The marshaling information is also used by PInvoke to look up functions in the DLL. In user32.dll there is in fact no MessageBox function, but CharSet=CharSet::Ansi enables PInvoke to use MessageBoxA, the ANSI version, instead of MessageBoxW, which is the Unicode version. In general, using Unicode versions of unmanaged APIs should be preferred because that eliminates the translation overhead from the native Unicode format of .NET Framework string objects to ANSI.
When Not to Use PInvoke
Using PInvoke is not suitable for all C-style functions in DLLs. For example, suppose there is a function MakeSpecial in mylib.dll declared as follows.
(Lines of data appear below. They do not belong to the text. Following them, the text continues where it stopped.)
(* Consider the two-signal setting in the context. Assume $f=f_xf_y$ with $f_x,f_y$ symmetric about $0$ (cdfs $F_x,F_y$), and let $\delta,\gamma,\xi>0$ satisfy $1-\delta\ge\gamma$, $1>3\delta+2\gamma$, $$\frac{F_x(\xi)}{1-F_x(\xi)}\cdot\frac{\sup_{a\in[0,\delta]}f_y(\eta-a)}{\inf_{a\in[1-\delta,1]}f_y(\eta-a)}\le\frac{1-c}{c}\ \text{ for all }\eta\ge1-\delta-\gamma,\qquad F_x(\xi)F_y(\gamma)\ge1-\delta.$$ Let $t\in\mathbb{R}$ and let $A:\mathbb{R}\to[0,1]$ be measurable with $A(\theta)\in[1-\delta,1]$ for $\theta<t$ and $A(\theta)\in[0,\delta]$ for $\theta\ge t$. Then: (1) if $y_i\ge1-\delta-\gamma$ and $x_i\le t+\xi$, then $P[\theta<t\mid A(\cdot),(x_i,y_i)]\ge c$; (2) if $y_i\le\delta+\gamma$ and $x_i\ge t-\xi$, then $P[\theta\ge t\mid A(\cdot),(x_i,y_i)]\ge c$; (3) for every $\theta<t$, $P[y_i\ge1-\delta-\gamma\text{ and }x_i\le t+\xi\mid A(\cdot),\theta]\ge1-\delta$; (4) for every $\theta\ge t$, $P[y_i\le\delta+\gamma\text{ and }x_i>t-\xi\mid A(\cdot),\theta]\ge1-\delta$.
   Context: Agent $i$ observes $x_i=\theta+\epsilon^x_i$ and $y_i=A(\theta)+\epsilon^y_i$, where $\epsilon^x_i,\epsilon^y_i$ are independent with densities $f_x,f_y$; $c\in(0,1)$. Agents have an (improper) uniform prior on $\theta\in\mathbb{R}$, so the posterior given $(x,y)$ and the conjectured function $A(\cdot)$ is $P[\theta\in S\mid A(\cdot),(x,y)]=\int_S f_x(x-\theta)f_y(y-A(\theta))\,d\theta\big/\int_{\mathbb{R}} f_x(x-\theta)f_y(y-A(\theta))\,d\theta$ (the limit of posteriors under uniform priors on $[t-N,t+N]$). In (3) and (4), the probability is over the errors $(\epsilon^x_i,\epsilon^y_i)$ for the given fundamental $\theta$. *)

From HB Require Import structures.
From mathcomp Require Import all_boot all_order all_algebra.
From mathcomp Require Import all_classical all_reals all_analysis.
Set Implicit Arguments. Unset Strict Implicit. Unset Printing Implicit Defensive.
Import Order.TTheory GRing.Theory Num.Theory.
Import numFieldNormedType.Exports.
Local Open Scope classical_set_scope.
Local Open Scope ring_scope.

Section Defs.
Variable R : realType.
Local Notation leb := (@lebesgue_measure R).

Definition is_density (f : R -> R) : Prop :=
  [/\ measurable_fun setT f, (forall u, 0 <= f u) &
      (\int[leb]_u (f u)%:E = 1%:E)%E].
char * MakeSpecial(char * pszString);
If we use PInvoke in a Visual C++ application, we might write something similar to:
[DllImport("mylib")]
extern "C" String * MakeSpecial([MarshalAs(UnmanagedType::LPStr)] String ^);
The difficulty here is that we cannot delete the memory for the unmanaged string returned by MakeSpecial. Other functions called via PInvoke return a pointer to an internal buffer that does not need to be deallocated by the user. In this case, using the IJW feature is the obvious choice.
Limitations of PInvoke
You cannot return the same exact pointer from a native function that you took as a parameter. If a native function returns the pointer that has been marshaled to it by PInvoke, memory corruption and exceptions may ensue.
__declspec(dllexport)
char* fstringA(char* param) {
return param;
}
The following sample exhibits this problem, and even though the program may seem to give the correct output, the output is coming from memory that had been freed.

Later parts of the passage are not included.